Brokers are angry at the government’s surprise plan to introduce a ‘financial transaction tax’, the paper says. At the same time, plans to limit performance-related bonuses to 20% of fixed salary have infuriated bank and brokerage staff.

‘We are going to look at all options to expand our activities in countries like Switzerland and Britain, and to reduce them in the Netherlands,’ Jan van Kuijk, director of trading house Flow Traders told the paper.

U-turn

The sudden backing for the transaction tax is a complete u-turn for the government which until now has been strongly opposed, the paper points out.

Outgoing finance minister Jan Kees de Jager has warned of its damaging effect on shares and derivatives trading. The central bank, financial services authority and planning office CPB are also opposed.

Accepting the transaction tax would be ‘a stupid move’, Floris Deckers, chief executive of Van Lanschot Bankiers told the paper.

‘Brokers, managers, market-makers en stock exchange-related companies will go. Thousands of jobs will be lost,’ Robin Fransman, deputy director of umbrella group Holland Financial Centre is quoted as saying.

Exception

A group of EU countries are planning to press ahead with the measure without the rest. ‘The Netherlands will join this on condition our pension funds remain exempt,’ the coalition agreement states. It is not clear if this is possible, the FD points out.

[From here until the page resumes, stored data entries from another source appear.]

Definition coef (k : fieldType) (Q : quiver) (x : kQ k Q) (p : rpath Q) : k :=
  if pvalid p then \sum_(e <- x | e.2 == p) e.1 else 0.

Definition addQ (k : fieldType) (Q : quiver) (x y : kQ k Q) : kQ k Q := x ++ y.
Definition oppQ (k : fieldType) (Q : quiver) (x : kQ k Q) : kQ k Q :=
  [seq (- e.1, e.2) | e <- x].
(* product x y (first y, then x) *)
Definition mulQ (k : fieldType) (Q : quiver) (x y : kQ k Q) : kQ k Q :=
  [seq (a.1 * b.1, pcat a.2 b.2) | a <- x, b <- [seq b <- y | composable a.2 b.2]].
Definition pel (k : fieldType) (Q : quiver) (p : rpath Q) : kQ k Q := [:: (1, p)].

(* the generator u (p - q) w of the ideal I, for the arrow a *)
Definition gen_term (k : fieldType) (Q : dimer) (c : k) (u : rpath Q) (a : arr Q)
    (w : rpath Q) : kQ k Q :=
  let p := comp_path (sigp Q) a in let q := comp_path (sigm Q) a in
  if composable p w && composable u p then
    [:: (c, pcat u (pcat p w)); (- c, pcat u (pcat q w))]
  else [::].

(* x lies in the two-sided ideal I = < p - q | a p, a q unit cycles >, i.e. x is
   a linear combination of elements u (p - q) w with u, w paths *)
Definition inI (k : fieldType) (Q : dimer) (x : kQ k Q) : Prop :=
  exists g : seq (k * rpath Q * arr Q * rpath Q),
    coef x =1 coef (flatten [seq gen_term e.1.1.1 e.1.1.2 e.1.2 e.2 | e <- g]).

(* equality in the dimer algebra A = kQ / I *)
Definition eqA (k : fieldType) (Q : dimer) (x y : kQ k Q) : Prop :=
  inI (addQ x (oppQ y)).

Definition cancellative (k : fieldType) (Q : dimer) : Prop :=
  ~ (exists p q r : rpath Q, [/\ pvalid p, pvalid q, pvalid r,
        ~ eqA (pel k p) (pel k q) &
        (eqA (mulQ (pel k r) (pel k p)) (mulQ (pel k r) (pel k q)) /\
           ~ inI (mulQ (pel k r) (pel k p))) \/
        (eqA (mulQ (pel k p) (pel k r)) (mulQ (pel k q) (pel k r)) /\
           ~ inI (mulQ (pel k p) (pel k r)))]).

Definition perfect (Q : dimer) (M : {set arr Q}) : bool :=
  [forall a : arr Q, (#|[set b in M | fconnect (sigp Q) a b]| == 1%N) &&
             (#|[set b in M | fconnect (sigm Q) a b]| == 1%N)].

Definition avoid_rel (Q : quiver) (M : {set arr Q}) : rel (vert Q) :=
  [rel v w | [exists a : arr Q, [&& a \notin M, tl a == v & hd a == w]]].

Definition simple (Q : dimer) (M : {set arr Q}) : bool :=
  perfect M && [forall i : vert Q, forall j : vert Q, connect (avoid_rel M) i j].

(* polynomial ring with one variable x_M per subset M of arrows; the rings
   k[x_D | D perfect] and k[x_D | D simple] are its subrings generated by the
   relevant variables *)
Definition polyQ (k : fieldType) (Q : quiver) := {mpoly k[#|{set arr Q}|]}.
Definition xvar (k : fieldType) (Q : quiver) (M : {set arr Q}) : polyQ k Q :=
  'X_(enum_rank M).

Definition eta_mono (k : fieldType) (Q : dimer) (p : rpath Q) : polyQ k Q :=
  \prod_(a <- p.2) \prod_(M : {set arr Q} | perfect M && (a \in M)) xvar k M.

Definition eta_path (k : fieldType) (Q : dimer) (p : rpath Q) :
    'M[polyQ k Q]_#|vert Q| :=
  if pvalid p then
    (eta_mono k p) *: delta_mx (enum_rank (phead p)) (enum_rank (ptail p))
  else 0.

Definition eta (k : fieldType) (Q : dimer) (x : kQ k Q) : 'M[polyQ k Q]_#|vert Q| :=
  \sum_(e <- x) (e.1%:MP *: eta_path k e.2).

(* the nonzero entry bar-tau(p) of tau(p), simple matchings *)
Definition taubar (k : fieldType) (Q : dimer) (p : rpath Q) : polyQ k Q :=
  \prod_(a <- p.2) \prod_(M : {set arr Q} | simple M && (a \in M)) xvar k M.

Inductive in_subalg (k : fieldType) (n : nat) (S : {mpoly k[n]} -> Prop) :
    {mpoly k[n]} -> Prop :=
| sa_gen m : S m -> in_subalg S m
| sa_one : in_subalg S 1
| sa_add m1 m2 : in_subalg S m1 -> in_subalg S m2 -> in_subalg S (m1 + m2)
| sa_mul m1 m2 : in_subalg S m1 -> in_subalg S m2 -> in_subalg S (m1 * m2)
| sa_scale (c : k) m : in_subalg S m -> in_subalg S (c *: m).

(* arrows with [beta a = None] form Q_1^*; the others are identified with the
   arrows of Q' via [beta]; [phi] is the quotient map on vertices identifying
   head and tail of each contracted arrow *)
Definition contr_rel (Q Q' : quiver) (beta : arr Q -> option (arr Q')) : rel (vert Q) :=
  [rel v w | [exists a : arr Q, (beta a == None) &&
      (((tl a == v) && (hd a == w)) || ((hd a == v) && (tl a == w)))]].

Definition is_contraction_map (Q Q' : quiver) (phi : vert Q -> vert Q')
    (beta : arr Q -> option (arr Q')) : Prop :=
  [/\ (forall v' : vert Q', exists v, phi v = v'),
      (forall b : arr Q', exists a, beta a = Some b),
      (forall a1 a2 b, beta a1 = Some b -> beta a2 = Some b -> a1 = a2),
      (forall a b, beta a = Some b -> tl b = phi (tl a) /\ hd b = phi (hd a)) &
      (forall v w, phi v = phi w <-> connect (contr_rel beta) v w)].

Definition psi_path (Q Q' : quiver) (phi : vert Q -> vert Q')
    (beta : arr Q -> option (arr Q')) (p : rpath Q) : rpath Q' :=
  (phi p.1, pmap beta p.2).

Definition psi (k : fieldType) (Q Q' : quiver) (phi : vert Q -> vert Q')
    (beta : arr Q -> option (arr Q')) (x : kQ k Q) : kQ k Q' :=
  [seq (e.1, psi_path phi beta e.2) | e <- x & pvalid e.2].

Definition cyclic_contraction (k : fieldType) (Q Q' : dimer)
    (phi : vert Q -> vert Q') (beta : arr Q -> option (arr Q')) : Prop :=
  [/\ is_torus_dimer Q',
      is_contraction_map phi beta,
      (forall x : kQ k Q, inI x -> inI (psi phi beta x)),
      cancellative k Q' &
      (forall m : polyQ k Q',
         in_subalg (fun m' => exists p : rpath Q,
             [/\ pvalid p, phead p = ptail p & m' = taubar k (psi_path phi beta p)]) m
         <->
         in_subalg (fun m' => exists q : rpath Q',
             [/\ pvalid q, phead q = ptail q & m' = taubar k q]) m)].

Definition homotopy_prime (k : fieldType) (Q : dimer) : Prop :=
  forall x y : kQ k Q,
    (forall z : kQ k Q, eta (mulQ (mulQ x z) y) = 0) -> eta x = 0 \/ eta y = 0.

From mathcomp Require Import all_boot all_order all_algebra all_fingroup.
From mathcomp Require Import mpoly.
Set Implicit Arguments. Unset Strict Implicit. Unset Printing Implicit Defensive.
Import GRing.Theory.
Local Open Scope ring_scope.

(* Primeness of Lambda only needs Q to be strongly connected, which on a
   dimer quiver holds because every arrow a lies on a unit cycle a p, so p
   leads back from h(a) to t(a).
   Since eta is multiplicative, eta(x z y) = eta(x) eta(z) eta(y).  If
   eta(x)_{ih} != 0 and eta(y)_{tj} != 0, take z a path from t to h: eta(z)
   is a nonzero monomial times the matrix unit e_{ht}, so the (i,j) entry of
   eta(x z y) is a product of three nonzero elements of a polynomial ring. *)

Section Walks.
Variable Q : quiver.

Lemma walk_ok_cat (v : vert Q) s1 s2 :
  walk_ok v (s1 ++ s2) = walk_ok v s1 && walk_ok (walk_end v s1) s2.
Proof. by elim: s1 v => [|a s IH] v //=; rewrite IH andbA. Qed.

Lemma walk_end_cat (v : vert Q) s1 s2 :
  walk_end v (s1 ++ s2) = walk_end (walk_end v s1) s2.
Proof. by elim: s1 v => [|a s IH] v //=. Qed.

Lemma pcat_valid (r p : rpath Q) :
  composable r p -> pvalid (pcat r p) /\ phead (pcat r p) = phead r.
Proof.
rewrite /composable /pvalid /phead /ptail /pcat /= walk_ok_cat walk_end_cat.
by case/and3P=> vp vr /eqP hp_tr; rewrite vp hp_tr vr.
Qed.

Definition reachable (v w : vert Q) : Prop :=
  exists p : rpath Q, [/\ pvalid p, ptail p = v & phead p = w].

Lemma reachable_refl v : reachable v v.
Proof. by exists (v, [::]). Qed.

Lemma reachable_trans u v w : reachable u v -> reachable v w -> reachable u w.
Proof.
move=> [p [vp <- hp]] [r [vr tr <-]].
have cat_rp : composable r p by rewrite /composable vp vr hp tr eqxx.
by have [vrp hrp] := pcat_valid cat_rp; exists (pcat r p).
Qed.

Lemma reachable_arr a : reachable (tl a) (hd a).
Proof. by exists (tl a, [:: a]); rewrite /pvalid /= eqxx. Qed.

Section CyclicSuccessor.
Variable f : {perm arr Q}.
Hypothesis tl_f : forall a, tl (f a) = hd a.

Lemma reachable_iter n a : reachable (hd a) (hd (iter n f a)).
Proof.
elim: n => [|n IH]; first exact: reachable_refl.
by apply: reachable_trans IH _; rewrite /= -tl_f; apply: reachable_arr.
Qed.

Lemma reachable_hd_tl a : reachable (hd a) (tl a).
Proof.
have f_last : f (iter (fingraph.order f a).-1 f a) = a.
  by rewrite -iterS orderSpred iter_order //; apply: perm_inj.
by rewrite -[in tl a]f_last tl_f; apply: reachable_iter.
Qed.

Lemma reachable_of_connect_undirected v w :
  connect (@undirected Q) v w -> reachable v w.
Proof.
case/connectP=> s; elim: s v => [|u s IH] v /=; first by move=> _ ->; apply: reachable_refl.
case/andP=> /existsP [a /orP [] /andP [/eqP <- /eqP <-]] su wE.
- exact: reachable_trans (reachable_arr a) (IH _ su wE).
- exact: reachable_trans (reachable_hd_tl a) (IH _ su wE).
Qed.

End CyclicSuccessor.
End Walks.

Lemma mulmx_delta_mxE (R : pzRingType) n (X Y : 'M[R]_n) (i h t j : 'I_n) :
  (X *m delta_mx h t *m Y) i j = X i h * Y t j.
Proof.
rewrite -(mul_delta_mx (0 : 'I_1) h t) mulmxA -colE -mulmxA -rowE.
by rewrite !mxE big_ord1 !mxE.
Qed.

Lemma mpolyX_neq0 (R : nzRingType) n (i : 'I_n) : ('X_i : {mpoly R[n]}) != 0.
Proof.
apply/eqP=> X0; have := mcoeffXU R i i.
by rewrite X0 mcoeff0 eqxx => /eqP; rewrite eq_sym oner_eq0.
Qed.

Section Eta.
Variables (k : fieldType) (Q : dimer).

Lemma eta_mono_neq0 (p : rpath Q) : eta_mono k p != 0.
Proof.
rewrite prodf_seq_neq0; apply/allP=> a _; apply/prodf_neq0=> M _.
exact: mpolyX_neq0.
Qed.

Lemma eta_path_mul (r p : rpath Q) :
  eta_path k r *m eta_path k p =
  if composable r p then eta_path k (pcat r p) else 0.
Proof.
rewrite /eta_path /composable.
case vp: (pvalid p); last by rewrite mulmx0.
case vr: (pvalid r); last by rewrite mul0mx.
rewrite -scalemxAl -scalemxAr mul_delta_mx_cond (inj_eq enum_rank_inj) eq_sym /=.
case: eqP => [hp_tr|_]; last by rewrite mulr0n !scaler0.
have [-> ->] : pvalid (pcat r p) /\ phead (pcat r p) = phead r.
  by apply: pcat_valid; rewrite /composable vp vr hp_tr eqxx.
by rewrite mulr1n scalerA /eta_mono /pcat big_cat mulrC.
Qed.

Lemma eta_mul (x y : kQ k Q) : eta (mulQ x y) = eta x *m eta y.
Proof.
rewrite /eta /mulQ big_allpairs_dep mulmx_suml; apply: eq_bigr => a _.
rewrite mulmx_sumr big_filter big_mkcond; apply: eq_bigr => b _ /=.
rewrite -scalemxAl -scalemxAr scalerA eta_path_mul mpolyCM.
by case: ifP => _ //; rewrite scaler0.
Qed.

Lemma eta_pel (p : rpath Q) : pvalid p ->
  eta (pel k p) = eta_mono k p *: delta_mx (enum_rank (phead p)) (enum_rank (ptail p)).
Proof. by move=> vp; rewrite /eta big_seq1 /eta_path vp mpolyC1 scale1r. Qed.

Lemma homotopy_prime_of_reachable :
  (forall v w : vert Q, reachable v w) -> homotopy_prime k Q.
Proof.
move=> reach x y xLy0.
have [->|/matrix0Pn [i [h xih]]] := eqVneq (eta x) 0; first by left.
have [->|/matrix0Pn [t [j ytj]]] := eqVneq (eta y) 0; first by right.
have [p [vp tp hp]] := reach (enum_val t) (enum_val h).
suff : eta (mulQ (mulQ x (pel k p)) y) i j != 0 by rewrite xLy0 mxE eqxx.
rewrite !eta_mul eta_pel // tp hp !enum_valK -scalemxAr -scalemxAl.
by rewrite mxE mulmx_delta_mxE !mulf_neq0 ?eta_mono_neq0.
Qed.

End Eta.

Theorem corollary5p12 (k : closedFieldType) (Q : dimer) :
  is_torus_dimer Q ->
  (exists (Q' : dimer) (phi : vert Q -> vert Q') (beta : arr Q -> option (arr Q')),
      cyclic_contraction k phi beta) ->
  homotopy_prime k Q.
Proof.
move=> /andP [/andP [/andP [/andP [/andP [/andP [/forallP tl_sigp _] _] _] _] /forallP conn] _] _.
apply: homotopy_prime_of_reachable => v w.
apply: (@reachable_of_connect_undirected _ (sigp Q)) => [a|].
  by apply/eqP; apply: tl_sigp.
by move/forallP: (conn v).
Qed.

The European Commission estimates a transaction tax would generate €3bn for the Dutch treasury.


Do you work in the financial sector? Share your thoughts using the comment box below.

© DutchNews.nl



 

Readers' Comments

in order for a better world all derivatives should be banned for good and especially America and Britain should be scrutinized thoroughly.hedge funds venture funds should be abolished immediately.easy money without production gone.

By toria | 31 October 2012 8:18 AM

So what if the finacial sector is angry? They can't be half as angry as the milions of people worldwide who have been screwed by their shady deals and stolen money. Let them go!

By Al | 31 October 2012 8:32 AM

after working in this sector, I can tell you that these restrictions (and many more) are very needed. many management people in this industry think they are more important and powerful than God - the male ego problems are HUGE and there are lots of things happening that are not in our public interests at all. this is all about to be corrected fortunately. these financial institutions may move to a temporarily more advantageous country, but the same thing will happen there also eventually. no one outside of this industry is happy about what has been going on, not here and not anywhere else in the world either.

By emma | 31 October 2012 8:40 AM

agree with above, but maybe instead of a tax, what about putting these bankers in jail. that is a beter option

By jock | 31 October 2012 8:43 AM

There are many ways to collect this money just do not call it a 'tax'.

By ufo | 31 October 2012 8:45 AM

It's one thing to shoot yourself in the foot out of carelessness or impetuosity, but to know all the facts and then take deliberate aim is unbelievable.

By Realist | 31 October 2012 9:22 AM

@jock. Please don't jail them, enough of the taxpayers money has been spent on them already, we don't want to also foot the bill for their 'bed and board'.

By jaycee | 31 October 2012 9:27 AM

You need capital to start a new business, so you need venture capital, you need a mortgage to buy a house, you need a bank, you need an efficient market to save for your pension, you need brokers, fund managers, and hedge funds. This policy is a joke on us all, its arrogant, essentially a blame game assuming we're all stupid.

By Jan | 2 November 2012 9:12 AM

So far the banksters have robbed far more money than any bank robbers, let's just leave it at that!

By The visitor | 2 November 2012 6:32 PM

Jan, yes indeed we need them, but we also need them to act responsibly and fairly. this is the direct result of many people in the financial markets that just kept taking taking and taking - risks with our money. they seemed to know no boundaries in taking risks with our money. these taxes are a form of 'boundary' for these people and institutions.
this is only the beginning. stiffer regulations regarding trading will be implemented soon which will form a second boundary.